Big Data Analytics. Our world is being revolutionized by data-driven methods: access to large amounts of data has generated new insights and opened exciting new opportunities in commerce, science, and computing applications. Processing the enormous quantities of data necessary for these advances requires large clusters, making distributed computing paradigms more crucial than ever. MapReduce or Spark is a programming model for expressing distributed computations on massive datasets and an execution framework for large-scale data processing on clusters of commodity servers. The programming model provides an easy-to-understand abstraction for designing scalable algorithms, while the execution framework transparently handles many system-level details, ranging from scheduling to synchronization to fault tolerance.
Web Data Analytics and Management.Internet and the Web have revolutionized access to information. Today, one finds primarily on the Web, HTML (the standard for the Web) but also documents in pdf, doc, plain text as well as images, music and videos. The public Web is composed of billions of pages on millions of servers. It is a fantastic means of sharing information. Typical research problems here include, but are not limited to, Web data crawling, integration and retrieval, hidden Web discovery, information extraction and entity resolution, and dataspaces.

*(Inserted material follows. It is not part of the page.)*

(* Let $p$ be a NetKAT program that contains no occurrence of $\mathsf{dup}$, and suppose the local compilation $\mathcal{C}(p)$ is defined and equals the forwarding decision diagram $d$. Then for every history $h$, $[\![p]\!]\,h = [\![d]\!]\,h$.
   Context: NetKAT. Fix finitely many fields $f_1,\dots,f_k$, each with natural-number values. A packet $pk$ assigns a natural number $pk.f$ to each field $f$; $pk[f:=n]$ is the packet updated at $f$. A history is a nonempty list of packets, written $pk::h$ (cons) or $\langle pk\rangle$ (singleton). Predicates: $a ::= 1 \mid 0 \mid f=n \mid a+b \mid a\cdot b \mid \neg a$. Programs: $p ::= a \mid f\leftarrow n \mid p+q \mid p\cdot q \mid p^* \mid \mathsf{dup}$. The semantics $[\![p]\!]$ maps histories to sets of histories: $[\![1]\!]h=\{h\}$; $[\![0]\!]h=\emptyset$; $[\![f=n]\!](pk::h)=\{pk::h\}$ if $pk.f=n$ and $\emptyset$ otherwise; $[\![\neg a]\!]h=\{h\}\setminus[\![a]\!]h$; $[\![f\leftarrow n]\!](pk::h)=\{pk[f:=n]::h\}$; $[\![p+q]\!]h=[\![p]\!]h\cup[\![q]\!]h$; $[\![p\cdot q]\!]h=\bigcup_{h'\in[\![p]\!]h}[\![q]\!]h'$; $[\![p^*]\!]h=\bigcup_{i\ge 0}F^i h$ with $F^0h=\{h\}$, $F^{i+1}h=\bigcup_{h'\in[\![p]\!]h}F^ih'$; $[\![\mathsf{dup}]\!](pk::h)=\{pk::pk::h\}$ (on predicates, $+$ and $\cdot$ act as disjunction and conjunction). Forwarding decision diagrams (FDDs). Fields and values carry total orders, both written $\sqsubset$. An action $a$ is a finite partial map from fields to values, written $\{f_1\leftarrow n_1,\dots,f_j\leftarrow n_j\}$ with distinct fields; $[\![a]\!](pk::h)=\{pk[f_1:=n_1]\cdots[f_j:=n_j]::h\}$. An FDD is either a constant $\{a_1,\dots,a_m\}$ (a finite set of actions) with $[\![\{a_1,\dots,a_m\}]\!]h=\bigcup_i[\![a_i]\!]h$, or a conditional $(f=n\ ?\ d_1 : d_2)$ with $[\![(f=n?d_1:d_2)]\!](pk::h)=[\![d_1]\!](pk::h)$ if $pk.f=n$ and $[\![d_2]\!](pk::h)$ otherwise. Thus $\{\}$ drops all packets and $\{\{\}\}$ is the identity. Operations on FDDs. Union $d_1+d_2$: $\{A_1\}+\{A_2\}=A_1\cup A_2$ (union of action sets); $(f=n?d_{11}:d_{12})+C=(f=n?d_{11}+C:d_{12}+C)$ for a constant $C$; for $D_2=(f_2=n_2?d_{21}:d_{22})$: $(f_1=n_1?d_{11}:d_{12})+D_2$ equals $(f_1=n_1?d_{11}+d_{21}:d_{12}+d_{22})$ if $f_1=f_2,n_1=n_2$; equals $(f_1=n_1?d_{11}+d_{22}:d_{12}+D_2)$ if $f_1=f_2$ and $n_1\sqsubset n_2$; equals $(f_1=n_1?d_{11}+D_2:d_{12}+D_2)$ if $f_1\sqsubset f_2$; the remaining cases are defined symmetrically. Positive restriction $(f=n)\Rightarrow d$: for a constant $d$ it is $(f=n?d:\{\})$; for $d=(f_1=n_1?d_{11}:d_{12})$ it is $(f=n?d_{11}:\{\})$ if $f=f_1,n=n_1$; $(f=n)\Rightarrow d_{12}$ if $f=f_1,n\neq n_1$; $(f=n?d:\{\})$ if $f\sqsubset f_1$; and $(f_1=n_1?(f=n)\Rightarrow d_{11}:(f=n)\Rightarrow d_{12})$ otherwise. Negative restriction $(f\neq n)\Rightarrow d$ is an FDD with $[\![(f\neq n)\Rightarrow d]\!](pk::h)=\emptyset$ if $pk.f=n$ and $=[\![d]\!](pk::h)$ otherwise. Sequencing of actions $a;a'$ is the right-biased merge (value of $a'$ where defined, else of $a$). Sequencing $d_1;d_2$: $a;\{a_1,\dots,a_m\}=\{a;a_1,\dots,a;a_m\}$; $a;(f=n?d_1:d_2)$ equals $a;d_1$ if $f\leftarrow n\in a$, equals $a;d_2$ if $f\leftarrow n'\in a$ with $n'\neq n$, and equals $(f=n?a;d_1:a;d_2)$ otherwise; $\{a_1,\dots,a_m\};d=(a_1;d)+\dots+(a_m;d)$ (which is $\{\}$ when $m=0$); $(f=n?d_{11}:d_{12});d_2=((f=n)\Rightarrow(d_{11};d_2))+((f\neq n)\Rightarrow(d_{12};d_2))$. Negation: $\neg\{\}=\{\{\}\}$; $\neg\{a_1,\dots,a_m\}=\{\}$ for $m\ge1$; $\neg(f=n?d_1:d_2)=(f=n?\neg d_1:\neg d_2)$. Star: $d^*$ is a fixed point of $d'\mapsto\{\{\}\}+(d;d')$ obtained by iteration. Local compilation $\mathcal{C}$: $\mathcal{C}(0)=\{\}$, $\mathcal{C}(1)=\{\{\}\}$, $\mathcal{C}(f\leftarrow n)=\{\{f\leftarrow n\}\}$, $\mathcal{C}(f=n)=(f=n?\{\{\}\}:\{\})$, $\mathcal{C}(\neg a)=\neg\mathcal{C}(a)$, $\mathcal{C}(p+q)=\mathcal{C}(p)+\mathcal{C}(q)$, $\mathcal{C}(p\cdot q)=\mathcal{C}(p);\mathcal{C}(q)$, $\mathcal{C}(p^* )=\mathcal{C}(p)^*$. *)

From HB Require Import structures.
From mathcomp Require Import all_boot.
From mathcomp Require Import finmap.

Miscellaneous Topics in Data Management. Nowadays, traditional database systems begin to embrace new technologies from other research domains, such as data mining, information retrieval, pattern recognition, and machine learning. There exist an array of research problems on how to bridge the gaps between different data analytical methods and extend them in database fields, for example, supporting effective and efficient keyword search on databases, and embedding classification or clustering algorithms deep into database systems.